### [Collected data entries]

(* The even and odd terms [e n = R (2 n)], [o n = R (2 n + 1)] of a solution. *)
Definition interlaced {A : unitRingType} (e o : int -> A) : Prop :=
  [/\ forall n, e n \is a GRing.unit, forall n, o n \is a GRing.unit,
      forall n, e (n + 1) * (o n)^-1 * e n * o n = 1 + o n &
      forall n, o (n + 1) * (e (n + 1))^-1 * o n * e (n + 1) = 1 + e (n + 1) ^+ 4].

Section Interlaced.
Context {A : unitRingType} {e o : int -> A}.
Hypothesis eo : interlaced e o.

Let e_unit n : e n \is a GRing.unit. Proof. by case: eo. Qed.
Let o_unit n : o n \is a GRing.unit. Proof. by case: eo. Qed.
Let exchange_o n : e (n + 1) * (o n)^-1 * e n * o n = 1 + o n.
Proof. by case: eo. Qed.
Let exchange_e n :
  o (n + 1) * (e (n + 1))^-1 * o n * e (n + 1) = 1 + e (n + 1) ^+ 4.
Proof. by case: eo. Qed.

Let comm_o n : GRing.comm (1 + o n) (o n). Proof. by rewrite /GRing.comm; nc_ring. Qed.
Let comm_e n : GRing.comm (1 + e n ^+ 4) (e n). Proof. by rewrite /GRing.comm; nc_ring. Qed.

Local Notation Q := (qcomm (e 0) (o 0)).

Let qcomm_exchange_o n : qcomm (o n) (e (n + 1)) = qcomm (e n) (o n).
Proof. exact: qcomm_exchange (e_unit _) (o_unit _) (e_unit _) (comm_o n) (exchange_o n). Qed.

### [Your objective]
Using the data above, reproduce exactly the lines from the line that contains "forall n, o (n" through the line that contains "Let e_unit n", including both.

### [Answer space]
      forall n, o (n + 1) * (e (n + 1))^-1 * o n * e (n + 1) = 1 + e (n + 1) ^+ 4].

Section Interlaced.
Context {A : unitRingType} {e o : int -> A}.
Hypothesis eo : interlaced e o.

Let e_unit n : e n \is a GRing.unit. Proof. by case: eo. Qed.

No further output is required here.